▶ Task details:
All that is needed is each line of the entries holding the word "split", copied as it stands.
BEGIN Data in this exercise
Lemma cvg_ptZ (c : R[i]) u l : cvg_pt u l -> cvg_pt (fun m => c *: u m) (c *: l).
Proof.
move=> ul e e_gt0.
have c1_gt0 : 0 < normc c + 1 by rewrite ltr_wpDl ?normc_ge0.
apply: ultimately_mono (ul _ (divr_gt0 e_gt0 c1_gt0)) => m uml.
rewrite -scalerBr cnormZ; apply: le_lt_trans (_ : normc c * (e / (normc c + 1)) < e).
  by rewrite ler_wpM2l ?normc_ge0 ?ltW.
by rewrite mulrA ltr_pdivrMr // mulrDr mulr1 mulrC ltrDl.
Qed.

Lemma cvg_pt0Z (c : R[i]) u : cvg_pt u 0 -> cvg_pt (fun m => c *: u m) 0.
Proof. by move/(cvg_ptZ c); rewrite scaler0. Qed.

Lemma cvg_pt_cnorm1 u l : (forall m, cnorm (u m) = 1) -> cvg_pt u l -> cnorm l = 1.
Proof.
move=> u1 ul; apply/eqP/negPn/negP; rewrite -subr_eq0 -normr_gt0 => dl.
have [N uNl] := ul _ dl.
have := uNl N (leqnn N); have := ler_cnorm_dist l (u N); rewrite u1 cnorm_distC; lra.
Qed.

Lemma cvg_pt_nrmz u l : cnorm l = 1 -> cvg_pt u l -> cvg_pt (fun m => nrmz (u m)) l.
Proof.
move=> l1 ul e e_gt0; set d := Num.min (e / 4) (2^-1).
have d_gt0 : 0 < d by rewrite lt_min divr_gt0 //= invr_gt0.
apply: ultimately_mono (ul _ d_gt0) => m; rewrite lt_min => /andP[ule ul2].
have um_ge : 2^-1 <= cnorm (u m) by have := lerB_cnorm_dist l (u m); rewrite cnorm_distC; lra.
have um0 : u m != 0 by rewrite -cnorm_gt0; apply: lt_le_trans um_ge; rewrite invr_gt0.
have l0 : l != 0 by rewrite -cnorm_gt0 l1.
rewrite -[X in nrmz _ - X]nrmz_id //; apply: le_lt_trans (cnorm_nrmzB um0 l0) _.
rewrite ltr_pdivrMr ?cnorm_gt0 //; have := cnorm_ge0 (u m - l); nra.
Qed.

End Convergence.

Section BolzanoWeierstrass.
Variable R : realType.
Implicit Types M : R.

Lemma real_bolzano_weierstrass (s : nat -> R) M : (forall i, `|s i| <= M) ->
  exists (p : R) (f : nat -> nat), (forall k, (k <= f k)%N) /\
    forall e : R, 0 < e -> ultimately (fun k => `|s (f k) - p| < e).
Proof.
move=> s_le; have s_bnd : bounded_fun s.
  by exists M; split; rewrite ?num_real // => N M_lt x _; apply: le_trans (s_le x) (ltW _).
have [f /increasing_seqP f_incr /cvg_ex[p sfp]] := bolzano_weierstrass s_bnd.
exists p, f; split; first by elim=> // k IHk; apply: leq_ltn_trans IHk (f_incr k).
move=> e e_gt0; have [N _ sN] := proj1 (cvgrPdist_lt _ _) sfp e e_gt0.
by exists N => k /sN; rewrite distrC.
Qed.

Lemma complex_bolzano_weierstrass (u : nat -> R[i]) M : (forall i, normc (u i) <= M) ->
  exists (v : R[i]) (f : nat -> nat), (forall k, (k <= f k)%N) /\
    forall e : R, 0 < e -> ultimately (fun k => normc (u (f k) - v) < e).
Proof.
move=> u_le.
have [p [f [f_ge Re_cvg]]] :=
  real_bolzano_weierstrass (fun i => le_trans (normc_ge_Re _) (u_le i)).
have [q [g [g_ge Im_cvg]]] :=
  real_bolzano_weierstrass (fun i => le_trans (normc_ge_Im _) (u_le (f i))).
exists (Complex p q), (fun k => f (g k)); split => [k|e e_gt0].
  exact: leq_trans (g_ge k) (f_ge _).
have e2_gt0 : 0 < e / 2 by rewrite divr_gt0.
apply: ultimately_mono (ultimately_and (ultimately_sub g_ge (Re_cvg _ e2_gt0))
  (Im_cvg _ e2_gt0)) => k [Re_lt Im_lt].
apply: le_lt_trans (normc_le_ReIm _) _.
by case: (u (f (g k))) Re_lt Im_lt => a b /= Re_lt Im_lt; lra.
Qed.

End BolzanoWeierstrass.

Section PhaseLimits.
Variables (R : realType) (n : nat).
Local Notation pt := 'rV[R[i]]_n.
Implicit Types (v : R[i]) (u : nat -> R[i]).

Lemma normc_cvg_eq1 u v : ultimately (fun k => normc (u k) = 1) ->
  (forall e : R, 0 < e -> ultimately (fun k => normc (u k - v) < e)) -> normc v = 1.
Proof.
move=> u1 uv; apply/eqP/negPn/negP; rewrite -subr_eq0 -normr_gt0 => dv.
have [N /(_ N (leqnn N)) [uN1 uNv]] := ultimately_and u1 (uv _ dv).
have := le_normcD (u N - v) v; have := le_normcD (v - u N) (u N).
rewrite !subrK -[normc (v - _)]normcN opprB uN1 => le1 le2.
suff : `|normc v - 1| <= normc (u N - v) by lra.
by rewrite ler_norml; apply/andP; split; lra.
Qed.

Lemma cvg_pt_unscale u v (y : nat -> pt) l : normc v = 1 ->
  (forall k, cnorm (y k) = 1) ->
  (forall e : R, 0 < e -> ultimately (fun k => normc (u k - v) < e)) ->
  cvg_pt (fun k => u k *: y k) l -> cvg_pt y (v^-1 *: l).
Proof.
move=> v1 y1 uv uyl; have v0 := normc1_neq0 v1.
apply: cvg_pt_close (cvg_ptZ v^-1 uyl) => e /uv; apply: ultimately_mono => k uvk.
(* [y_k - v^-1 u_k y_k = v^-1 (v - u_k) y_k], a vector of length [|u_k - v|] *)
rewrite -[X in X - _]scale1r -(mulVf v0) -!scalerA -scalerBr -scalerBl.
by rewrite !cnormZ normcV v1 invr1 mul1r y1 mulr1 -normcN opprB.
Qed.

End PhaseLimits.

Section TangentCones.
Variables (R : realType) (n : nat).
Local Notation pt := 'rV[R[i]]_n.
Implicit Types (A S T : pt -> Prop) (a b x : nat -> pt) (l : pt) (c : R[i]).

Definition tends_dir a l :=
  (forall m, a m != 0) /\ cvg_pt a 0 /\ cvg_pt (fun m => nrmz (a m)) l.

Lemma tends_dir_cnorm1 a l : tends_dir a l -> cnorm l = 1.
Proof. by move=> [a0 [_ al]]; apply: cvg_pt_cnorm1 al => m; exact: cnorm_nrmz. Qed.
END Data in this exercise
BEGIN Data in this exercise
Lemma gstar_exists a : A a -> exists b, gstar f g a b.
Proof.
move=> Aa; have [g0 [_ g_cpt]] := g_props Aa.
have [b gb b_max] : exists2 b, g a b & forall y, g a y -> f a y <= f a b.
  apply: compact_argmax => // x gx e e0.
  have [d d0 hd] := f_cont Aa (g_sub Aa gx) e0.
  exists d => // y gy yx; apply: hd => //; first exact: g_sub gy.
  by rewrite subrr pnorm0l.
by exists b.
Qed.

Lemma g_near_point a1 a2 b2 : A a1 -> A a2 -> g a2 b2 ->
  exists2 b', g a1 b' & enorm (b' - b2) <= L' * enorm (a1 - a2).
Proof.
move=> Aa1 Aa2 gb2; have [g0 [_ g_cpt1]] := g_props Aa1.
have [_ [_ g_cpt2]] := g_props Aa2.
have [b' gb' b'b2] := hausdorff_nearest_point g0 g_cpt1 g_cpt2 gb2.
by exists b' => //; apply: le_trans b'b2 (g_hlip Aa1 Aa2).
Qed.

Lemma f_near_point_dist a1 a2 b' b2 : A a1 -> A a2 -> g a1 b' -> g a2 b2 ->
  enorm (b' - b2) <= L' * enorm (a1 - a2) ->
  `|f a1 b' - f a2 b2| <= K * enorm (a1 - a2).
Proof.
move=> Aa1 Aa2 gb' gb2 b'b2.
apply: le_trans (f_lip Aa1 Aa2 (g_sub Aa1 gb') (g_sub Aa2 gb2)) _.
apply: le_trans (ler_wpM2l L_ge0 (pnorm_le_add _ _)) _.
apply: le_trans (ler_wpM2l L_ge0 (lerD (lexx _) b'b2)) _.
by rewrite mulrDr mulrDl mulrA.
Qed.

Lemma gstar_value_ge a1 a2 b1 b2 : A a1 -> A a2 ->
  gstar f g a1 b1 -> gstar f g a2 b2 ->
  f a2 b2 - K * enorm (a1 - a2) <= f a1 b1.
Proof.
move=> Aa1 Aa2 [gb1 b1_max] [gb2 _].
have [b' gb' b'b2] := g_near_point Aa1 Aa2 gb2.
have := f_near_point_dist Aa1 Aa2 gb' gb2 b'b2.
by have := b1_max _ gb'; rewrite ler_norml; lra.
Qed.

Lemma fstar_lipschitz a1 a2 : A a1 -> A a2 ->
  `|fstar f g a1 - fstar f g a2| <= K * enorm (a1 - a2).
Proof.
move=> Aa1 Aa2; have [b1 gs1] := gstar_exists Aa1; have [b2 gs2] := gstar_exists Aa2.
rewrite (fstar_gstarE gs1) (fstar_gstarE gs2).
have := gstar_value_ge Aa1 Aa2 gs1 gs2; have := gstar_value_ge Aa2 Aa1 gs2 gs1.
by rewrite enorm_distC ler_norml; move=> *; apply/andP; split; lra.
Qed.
END Data in this exercise
BEGIN Data in this exercise
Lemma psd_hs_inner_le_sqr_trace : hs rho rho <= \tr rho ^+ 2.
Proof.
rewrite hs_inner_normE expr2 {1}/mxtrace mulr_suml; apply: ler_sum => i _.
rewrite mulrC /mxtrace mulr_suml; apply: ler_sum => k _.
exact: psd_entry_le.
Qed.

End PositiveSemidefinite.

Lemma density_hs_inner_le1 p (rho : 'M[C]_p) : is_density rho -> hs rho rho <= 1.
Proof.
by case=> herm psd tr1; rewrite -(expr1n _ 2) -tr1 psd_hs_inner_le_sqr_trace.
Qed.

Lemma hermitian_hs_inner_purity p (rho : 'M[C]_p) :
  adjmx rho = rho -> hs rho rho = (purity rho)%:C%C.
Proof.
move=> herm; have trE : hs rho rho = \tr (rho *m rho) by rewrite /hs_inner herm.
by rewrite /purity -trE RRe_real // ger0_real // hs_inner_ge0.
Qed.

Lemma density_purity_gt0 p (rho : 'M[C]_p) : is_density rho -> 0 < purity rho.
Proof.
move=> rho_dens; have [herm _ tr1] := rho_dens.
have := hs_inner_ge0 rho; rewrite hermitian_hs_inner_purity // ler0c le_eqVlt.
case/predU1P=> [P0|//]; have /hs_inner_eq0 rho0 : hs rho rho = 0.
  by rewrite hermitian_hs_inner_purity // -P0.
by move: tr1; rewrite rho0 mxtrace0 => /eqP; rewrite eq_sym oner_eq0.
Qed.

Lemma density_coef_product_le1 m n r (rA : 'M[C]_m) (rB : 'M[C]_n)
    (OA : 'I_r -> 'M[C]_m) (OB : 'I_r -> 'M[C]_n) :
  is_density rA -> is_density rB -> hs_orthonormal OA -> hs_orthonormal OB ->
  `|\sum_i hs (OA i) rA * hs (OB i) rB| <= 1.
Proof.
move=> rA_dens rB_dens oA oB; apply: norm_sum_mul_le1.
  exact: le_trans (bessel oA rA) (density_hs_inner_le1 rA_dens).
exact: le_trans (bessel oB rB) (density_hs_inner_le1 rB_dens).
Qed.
END Data in this exercise
▶ Task response:
  by exists M; split; rewrite ?num_real // => N M_lt x _; apply: le_trans (s_le x) (ltW _).
exists p, f; split; first by elim=> // k IHk; apply: leq_ltn_trans IHk (f_incr k).
exists (Complex p q), (fun k => f (g k)); split => [k|e e_gt0].
by rewrite ler_norml; apply/andP; split; lra.
by rewrite enorm_distC ler_norml; move=> *; apply/andP; split; lra.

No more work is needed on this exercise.